For patients with suspected septic shock or strong signs of sepsis, antibiotics should be given within one hour of recognition. For patients where sepsis is possible but less certain, clinicians have a brief window for rapid testing, but antibiotics should still begin within three hours. Patients with dangerously low blood pressure receive large volumes of intravenous fluid in the first three hours to restore circulation, along with medications to raise blood pressure if fluids alone aren’t enough.
Beyond those first hours, treatment depends on which organs are failing. Patients may need mechanical ventilation for lung failure, dialysis for kidney failure, or medications to support heart function. The goal throughout is to keep oxygen flowing to tissues while the antibiotics work to control the underlying infection.
Life After Sepsis
Surviving sepsis is not the same as recovering from it. Up to 50% of sepsis survivors develop post-sepsis syndrome, a collection of physical and psychological problems that can persist for months or years. Physical symptoms include crushing fatigue, muscle and joint pain, shortness of breath, reduced organ function, repeat infections, poor appetite, and difficulty sleeping. Some survivors experience hair loss or skin rashes.

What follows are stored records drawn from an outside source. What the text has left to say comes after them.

Lemma sqr_norm_le_split x (F : seq G) (d1 d2 : R) : uniq F ->
  \sum_(g <- F) ip x (phi g) ^+ 2 <= d1 ->
  (forall t, uniq t -> {in t, forall g, g \notin F} ->
    \sum_(g <- t) ip x (phi g) ^+ 2 <= d2) ->
  `|x| ^+ 2 <= d1 + d2.
Proof.
move=> uF head_le tail_le; rewrite -lee_fin.
apply: (le_trans (sqr_norm_le_esum_coef x)).
apply: (esum_le_of_sum_le (fun g => ip x (phi g) ^+ 2)) => t ut.
apply: (le_trans (sum_le_split _ _ _ (fun g => sqr_ge0 _) uF ut)).
apply: lerD => //; rewrite -big_filter; apply: tail_le; first exact: filter_uniq.
by move=> g; rewrite mem_filter => /andP[].
Qed.

Section RadonRiesz.
Context {a : V -> G -> R} {c : R}.
Hypotheses (c_gt0 : 0 < c)
  (a_small : forall u g, a u g <= c -> c * ip u (phi g) ^+ 2 <= a u g).

Lemma tail_sqr_coef_sub_le u v (Su Sv d : R) (F t : seq G) :
  \esum_(g in [set: G]) (a u g)%:E = Su%:E ->
  \esum_(g in [set: G]) (a v g)%:E = Sv%:E ->
  uniq F -> Su - \sum_(g <- F) a u g <= d -> Sv - \sum_(g <- F) a v g <= d ->
  d <= c -> uniq t -> {in t, forall g, g \notin F} ->
  c * \sum_(g <- t) ip (v - u) (phi g) ^+ 2 <= 4 * d.
Proof.
move=> aSu aSv uF Su_d Sv_d d_le_c ut tF.
have tail_le x Sx : \esum_(g in [set: G]) (a x g)%:E = Sx%:E ->
    Sx - \sum_(g <- F) a x g <= d ->
    \sum_(g <- t) a x g <= d /\ {in t, forall g, c * ip x (phi g) ^+ 2 <= a x g}.
  move=> aSx Sx_d; split.
    exact: le_trans (sum_le_esum_sub _ _ _ _ aSx uF ut tF) Sx_d.
  move=> g gt; apply: a_small; apply: le_trans d_le_c; apply: le_trans Sx_d.
  have gF : {in [:: g], forall g', g' \notin F}.
    by move=> g'; rewrite inE => /eqP ->; apply: tF.
  by have := sum_le_esum_sub _ _ _ [:: g] aSx uF isT gF; rewrite big_seq1.
have [tu cu] := tail_le u Su aSu Su_d; have [tv cv] := tail_le v Sv aSv Sv_d.
rewrite mulr_sumr; apply: (@le_trans _ _ (\sum_(g <- t) (2 * a v g + 2 * a u g))).
  rewrite big_seq [leRHS]big_seq; apply: ler_sum => g gt; rewrite ipBl.
  have := mulr_ge0 (ltW c_gt0) (sqr_ge0 (ip v (phi g) + ip u (phi g))).
  by have := cu g gt; have := cv g gt; lra.
by rewrite big_split -!mulr_sumr /=; lra.
Qed.

Lemma esum_radon_riesz {v : V} {vs : nat -> V} {S : R} :
  (forall g, (fun k => ip (vs k) (phi g)) @ \oo --> ip v (phi g)) ->
  (forall g, (fun k => a (vs k) g) @ \oo --> a v g) ->
  \esum_(g in [set: G]) (a v g)%:E = S%:E ->
  (fun k => \esum_(g in [set: G]) (a (vs k) g)%:E) @ \oo --> S%:E ->
  (fun k => `|v - vs k|) @ \oo --> 0.
Proof.
move=> coef_cvg a_cvg aS /fine_cvgP[fin_vs S_cvg].
apply/cvgr0Pnorm_le => e e_gt0.
pose d := Num.min c (e ^+ 2 * c / (c + 4)).
have c4_gt0 : 0 < c + 4 by rewrite addr_gt0.
have d_gt0 : 0 < d by rewrite lt_min c_gt0 divr_gt0 // mulr_gt0 // exprn_gt0.
have d_le_c : d <= c by rewrite ge_min lexx.
have d_small : c * d + 4 * d <= c * e ^+ 2.
  have : d <= e ^+ 2 * c / (c + 4) by rewrite ge_min lexx orbT.
  by rewrite ler_pdivlMr //; lra.
have [|F uF F_gt] := esum_sum_gt _ _ (S - d) aS; first by lra.
have S_d : S - \sum_(g <- F) a v g <= d by lra.
have tail_cvg : (fun k => fine (\esum_(g in [set: G]) (a (vs k) g)%:E) -
    \sum_(g <- F) a (vs k) g) @ \oo --> S - \sum_(g <- F) a v g.
  by apply: cvgB => //; apply: cvg_big => //; exact: add_continuous.
have head_cvg : (fun k => \sum_(g <- F) ip (v - vs k) (phi g) ^+ 2) @ \oo -->
    \sum_(g <- F) (0 : R) ^+ 2.
  apply: cvg_big => // [|g _]; first exact: add_continuous.
  apply: (@continuous_cvg _ _ _ _ _ _ (fun r : R => r ^+ 2)).
    exact: exprn_continuous.
  apply/cvgr0Pnorm_lt => e' e'_gt0.
  move/cvgrPdist_lt : (coef_cvg g) => /(_ e' e'_gt0).
  by apply: filterS => k; rewrite ipBl.
rewrite big1 in head_cvg; last by move=> g _; rewrite expr0n.
near=> k.
have /fineK aSk : \esum_(g in [set: G]) (a (vs k) g)%:E \is a fin_num by near: k.
have tail_k : fine (\esum_(g in [set: G]) (a (vs k) g)%:E) -
    \sum_(g <- F) a (vs k) g <= d.
  by near: k; apply: (cvgr_le _ tail_cvg); lra.
have head_k : \sum_(g <- F) ip (v - vs k) (phi g) ^+ 2 <= d.
  by near: k; apply: (cvgr_le _ head_cvg).
have tail_le t : uniq t -> {in t, forall g, g \notin F} ->
    \sum_(g <- t) ip (v - vs k) (phi g) ^+ 2 <= 4 * d / c.
  move=> ut tF; rewrite ler_pdivlMr // mulrC.
  exact: tail_sqr_coef_sub_le (esym aSk) aS uF tail_k S_d d_le_c ut tF.
have cd : c * (d + 4 * d / c) = c * d + 4 * d.
  by rewrite mulrDr mulrCA mulfV ?gt_eqF // mulr1.
rewrite normr_id -ler_sqr ?nnegrE ?(ltW e_gt0) // -(ler_pM2l c_gt0).
apply: (le_trans _ d_small); rewrite -cd ler_pM2l //.
exact: sqr_norm_le_split uF head_k tail_le.
Unshelve. all: by end_near.
Qed.

End RadonRiesz.

End InnerProduct.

The cognitive and emotional toll can be equally severe. About one in six survivors report lasting difficulty with memory, concentration, and decision-making. Depression, PTSD, panic attacks, nightmares, and flashbacks are common. Many people describe feeling like a different person after sepsis, struggling with tasks that were effortless before their illness. These symptoms are not signs of personal weakness. They reflect the real biological damage that widespread inflammation inflicts on the brain and body.